Ofer Dikovsky () better known by his stage name Oforia (in ) is an electronic music artist and music producer from Israel and one of Israel's longest standing electronic music artists. He has been active internationally, creating the first form of the dominant Israeli electronic sound. Because of his work, he is considered one of the inventors of the genre in Israel. Besides having a solo career as Oforia or Ofer Di, he has been involved with various musical groups/formations such as Indoor, Tandu and OB1, and has worked on several musical projects such as Pigs in Space and Phreaky.

Biography
Ofer Dikovsky was a member of the famous Goa-trance band Indoor with Avi Algarnati and Marko Goren. Their album Progressive Trance, released in 1995, was one of the first in the wave of trance-artist albums. After the group disbanded, he continued with Marco Goren to form Tandu, another band that made its mark with Ofer's solo track "Alien Pump". Working once more with Indoor, along with DJ Dino Psaras, on the "Phreaky" project, Ofer helped create the 1997 hit "Tornado," which charted at No. 23 in the UK Indie Charts. 
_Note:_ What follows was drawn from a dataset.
(* Let $h>0$, $\beta>0$, $k\in\mathbb{N}$, $f(x)=hx^k$, and $\mathcal{B}(\alpha)=f(\alpha)+\sqrt2\beta\sqrt{1-\alpha^2}$ for $\alpha\in[-1,1]$. When $k=1$, for all $\beta>0$, $\sup_{\alpha\in[-1,1]}\mathcal{B}(\alpha)=\sqrt{h^2+2\beta^2}$ and the unique local and global maximizer of $\mathcal{B}$ is $\alpha=\frac{h}{\sqrt{h^2+2\beta^2}}$. When $k=2$ and $\beta\ge\beta_c(2,h)$, the unique local and global maximizer of $\mathcal{B}$ is $\alpha=0$; when $k=2$ and $\beta<\beta_c(2,h)$, $\sup_{\alpha\in[-1,1]}\mathcal{B}(\alpha)=h+\frac{\beta^2}{2h}$ and the unique local and global maximizers are $\alpha=\pm\sqrt{1-\frac{\beta^2}{2h^2}}$. When $k\ge3$ and $\beta\ge\tilde\beta_c(k,h)$, the unique local and global maximizer of $\mathcal{B}$ is $\alpha=0$. When $k\ge3$ and $\beta<\tilde\beta_c(k,h)$, let $\hat\alpha$ be the largest solution of $$\alpha^{2(k-2)}(1-\alpha^2)=2\left(\frac{\beta}{hk}\right)^2,$$ which is the unique solution of this equation in $\big(\sqrt{\tfrac{k-2}{k-1}},1\big)$. Then $\alpha=0$ and $\alpha=\hat\alpha$ are the only local maximizers of $\mathcal{B}$ in $[0,1]$; if $\beta>\beta_c(k,h)$ the global maximizer in $[0,1]$ is $\alpha=0$, if $\beta=\beta_c(k,h)$ both $0$ and $\hat\alpha$ are global maximizers, and if $\beta<\beta_c(k,h)$ the global maximizer in $[0,1]$ is $\hat\alpha$. When $k\ge4$ is even, $-\hat\alpha$ is also a local (resp. global) maximizer whenever $\hat\alpha$ is, and it is the unique such one in $[-1,0)$; when $k\ge3$ is odd, $\mathcal{B}$ has no local maximizers in $[-1,0)$.
   Context: Critical values: $\beta_c(1,h)=\infty$, $\beta_c(2,h)=\sqrt2h$, and for $k\ge3$, $\beta_c(k,h)=\frac{h}{\sqrt2}\frac{k-1}{k-2}\left(1-\frac{1}{(k-1)^2}\right)^{k/2}$; for $k\ge3$, $\tilde\beta_c(k,h)=\frac{hk}{\sqrt2}\frac{(k-2)^{(k-2)/2}}{(k-1)^{(k-1)/2}}$ (which exceeds $\beta_c(k,h)$). *)

From Stdlib Require Import Reals.
Open Scope R_scope.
Subsequently, Ofer began working as a solo artist under various names. He started as Oforia, becoming one of the first Israeli artists to be signed to a UK label (Dragonfly) and the result was his 1998 debut album Delirious. The album established Ofer's unique sound and brought him international fame.

Simultaneously, Dikovsky ran two other side projects. One project was with Solaris and culminated in the single "Out There" / "Extra Mundane," a 12" release that was featured in many compilations. The other project, a dance-floor success, was a full-length concept album, Pigs in Space, released in 1998.

In 1999, Oforia released his second solo studio Off The Ground, featuring various styles of trance – psychedelic, progressive, ambient and industrial. The album was considered pioneering and "ahead of its time". The next Oforia album was Let It Beat and circulated on the psytrance scene in 2002. Headed for Infinity was promoted with 12"-vinyl single release, and was two remixes from G.M.S. and Violet Vision of "Northern Lights".

The next album, released in 2006 under the title Inner Twist, was considered one of his best musical outputs and contains tracks "Spiders," "Inner Twist," "Adrenaline," "Show No Mercy" and "Return of the Machines." The latter was an international hit made in collaboration with Bwicked.

Oforia has remixed artists like Infected Mushroom, GMS, Violet Vision, Atomic Pulse, Time Lock, Moshic, Fatali and more. In 2007, he joined forces with B-wicked (real name Bertin Katz) to form a dance/rock project named OB1. Their first album Dream Dictionary was released on Sonicult Music and was followed by two further EP releases.

In 2010, after releasing as Oforia his down-beat album Textures, Dikovsky made a turn towards progressive/tech house and started producing and releasing under the brand Ofer Di.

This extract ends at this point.